### Entries shown
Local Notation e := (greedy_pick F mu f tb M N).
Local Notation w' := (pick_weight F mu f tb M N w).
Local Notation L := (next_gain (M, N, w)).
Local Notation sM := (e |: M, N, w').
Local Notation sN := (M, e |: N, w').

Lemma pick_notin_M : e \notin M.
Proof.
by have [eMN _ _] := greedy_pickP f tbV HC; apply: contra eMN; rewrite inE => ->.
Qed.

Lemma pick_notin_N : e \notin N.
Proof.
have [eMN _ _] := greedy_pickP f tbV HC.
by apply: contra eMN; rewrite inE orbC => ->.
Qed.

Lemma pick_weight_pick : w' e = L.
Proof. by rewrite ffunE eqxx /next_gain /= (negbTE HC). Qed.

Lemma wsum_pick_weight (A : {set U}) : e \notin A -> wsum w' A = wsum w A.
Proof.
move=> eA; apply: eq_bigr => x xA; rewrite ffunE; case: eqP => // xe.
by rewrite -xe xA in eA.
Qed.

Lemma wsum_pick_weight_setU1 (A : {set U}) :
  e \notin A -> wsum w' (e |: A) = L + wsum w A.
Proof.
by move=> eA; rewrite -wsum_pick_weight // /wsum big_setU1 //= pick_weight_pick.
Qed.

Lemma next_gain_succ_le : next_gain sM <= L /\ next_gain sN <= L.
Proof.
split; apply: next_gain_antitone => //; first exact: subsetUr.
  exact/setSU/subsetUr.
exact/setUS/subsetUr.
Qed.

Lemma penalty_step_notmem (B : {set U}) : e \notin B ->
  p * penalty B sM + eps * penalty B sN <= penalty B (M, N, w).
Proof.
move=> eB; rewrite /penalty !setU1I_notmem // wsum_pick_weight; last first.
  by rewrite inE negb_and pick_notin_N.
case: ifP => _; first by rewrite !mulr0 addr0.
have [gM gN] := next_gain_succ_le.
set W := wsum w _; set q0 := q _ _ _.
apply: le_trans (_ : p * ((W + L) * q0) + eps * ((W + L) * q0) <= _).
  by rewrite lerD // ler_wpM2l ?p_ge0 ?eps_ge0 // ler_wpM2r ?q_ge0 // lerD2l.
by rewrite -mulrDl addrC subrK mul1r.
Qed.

--

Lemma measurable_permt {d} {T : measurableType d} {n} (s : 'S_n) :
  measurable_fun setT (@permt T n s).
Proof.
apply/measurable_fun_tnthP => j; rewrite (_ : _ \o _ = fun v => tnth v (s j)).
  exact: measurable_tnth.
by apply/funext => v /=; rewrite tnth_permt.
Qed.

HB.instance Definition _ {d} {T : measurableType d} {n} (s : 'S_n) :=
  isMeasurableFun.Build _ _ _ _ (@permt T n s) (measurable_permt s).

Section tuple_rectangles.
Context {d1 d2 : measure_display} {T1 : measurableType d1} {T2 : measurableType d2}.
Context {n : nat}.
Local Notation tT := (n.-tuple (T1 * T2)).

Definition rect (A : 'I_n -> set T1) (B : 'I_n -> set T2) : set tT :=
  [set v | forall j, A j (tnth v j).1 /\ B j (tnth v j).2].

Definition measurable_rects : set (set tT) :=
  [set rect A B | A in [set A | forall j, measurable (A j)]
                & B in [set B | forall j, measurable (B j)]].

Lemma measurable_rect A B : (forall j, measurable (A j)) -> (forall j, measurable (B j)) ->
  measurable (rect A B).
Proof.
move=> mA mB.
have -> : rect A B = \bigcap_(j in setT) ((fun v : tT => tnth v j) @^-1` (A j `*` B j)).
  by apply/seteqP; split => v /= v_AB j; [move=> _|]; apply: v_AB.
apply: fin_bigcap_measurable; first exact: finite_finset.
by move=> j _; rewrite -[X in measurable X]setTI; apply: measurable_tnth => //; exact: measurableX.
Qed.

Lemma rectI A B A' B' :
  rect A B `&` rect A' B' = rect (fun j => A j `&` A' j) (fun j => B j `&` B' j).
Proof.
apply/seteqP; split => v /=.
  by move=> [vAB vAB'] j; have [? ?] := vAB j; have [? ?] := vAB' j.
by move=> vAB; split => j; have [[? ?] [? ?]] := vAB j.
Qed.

--

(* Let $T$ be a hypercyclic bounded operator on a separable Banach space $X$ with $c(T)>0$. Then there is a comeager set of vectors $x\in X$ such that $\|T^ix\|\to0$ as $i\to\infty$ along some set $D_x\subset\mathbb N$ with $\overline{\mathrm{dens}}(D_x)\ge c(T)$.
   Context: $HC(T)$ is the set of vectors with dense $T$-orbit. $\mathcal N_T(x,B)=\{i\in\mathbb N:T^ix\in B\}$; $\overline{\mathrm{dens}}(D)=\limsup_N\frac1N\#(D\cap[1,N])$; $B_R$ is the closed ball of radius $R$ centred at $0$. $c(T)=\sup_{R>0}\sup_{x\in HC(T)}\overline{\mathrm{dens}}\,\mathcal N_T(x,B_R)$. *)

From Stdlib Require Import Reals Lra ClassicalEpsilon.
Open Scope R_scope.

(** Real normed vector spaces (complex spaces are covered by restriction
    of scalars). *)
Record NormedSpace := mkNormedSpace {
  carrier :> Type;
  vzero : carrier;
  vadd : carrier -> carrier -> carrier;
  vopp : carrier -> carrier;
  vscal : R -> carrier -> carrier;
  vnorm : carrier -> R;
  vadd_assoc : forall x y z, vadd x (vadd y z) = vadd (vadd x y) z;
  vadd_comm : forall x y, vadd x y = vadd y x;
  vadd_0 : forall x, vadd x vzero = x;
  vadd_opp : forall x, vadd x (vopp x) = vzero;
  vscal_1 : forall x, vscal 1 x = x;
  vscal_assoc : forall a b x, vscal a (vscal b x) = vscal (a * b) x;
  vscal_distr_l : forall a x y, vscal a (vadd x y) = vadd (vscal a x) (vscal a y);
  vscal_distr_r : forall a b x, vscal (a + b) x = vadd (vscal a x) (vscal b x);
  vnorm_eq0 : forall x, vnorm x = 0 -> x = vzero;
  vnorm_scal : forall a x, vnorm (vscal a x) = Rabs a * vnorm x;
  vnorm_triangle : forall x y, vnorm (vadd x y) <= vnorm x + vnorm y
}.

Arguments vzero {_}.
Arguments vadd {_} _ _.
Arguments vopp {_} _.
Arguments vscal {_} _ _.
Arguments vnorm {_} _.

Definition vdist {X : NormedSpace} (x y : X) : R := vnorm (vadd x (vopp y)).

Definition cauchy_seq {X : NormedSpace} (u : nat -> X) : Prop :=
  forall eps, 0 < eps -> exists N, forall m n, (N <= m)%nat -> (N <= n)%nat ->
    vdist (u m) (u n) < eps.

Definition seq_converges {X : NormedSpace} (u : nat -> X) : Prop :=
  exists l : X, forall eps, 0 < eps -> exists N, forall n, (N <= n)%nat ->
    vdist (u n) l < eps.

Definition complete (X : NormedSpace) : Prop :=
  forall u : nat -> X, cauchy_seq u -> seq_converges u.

### Goal of the exercise
What is needed is every line from the data above that includes the string "move", copied out.

### Your solution
move=> eA; apply: eq_bigr => x xA; rewrite ffunE; case: eqP => // xe.
by move=> eA; rewrite -wsum_pick_weight // /wsum big_setU1 //= pick_weight_pick.
move=> eB; rewrite /penalty !setU1I_notmem // wsum_pick_weight; last first.
move=> mA mB.
  by apply/seteqP; split => v /= v_AB j; [move=> _|]; apply: v_AB.
by move=> j _; rewrite -[X in measurable X]setTI; apply: measurable_tnth => //; exact: measurableX.
  by move=> [vAB vAB'] j; have [? ?] := vAB j; have [? ?] := vAB' j.
by move=> vAB; split => j; have [[? ?] [? ?]] := vAB j.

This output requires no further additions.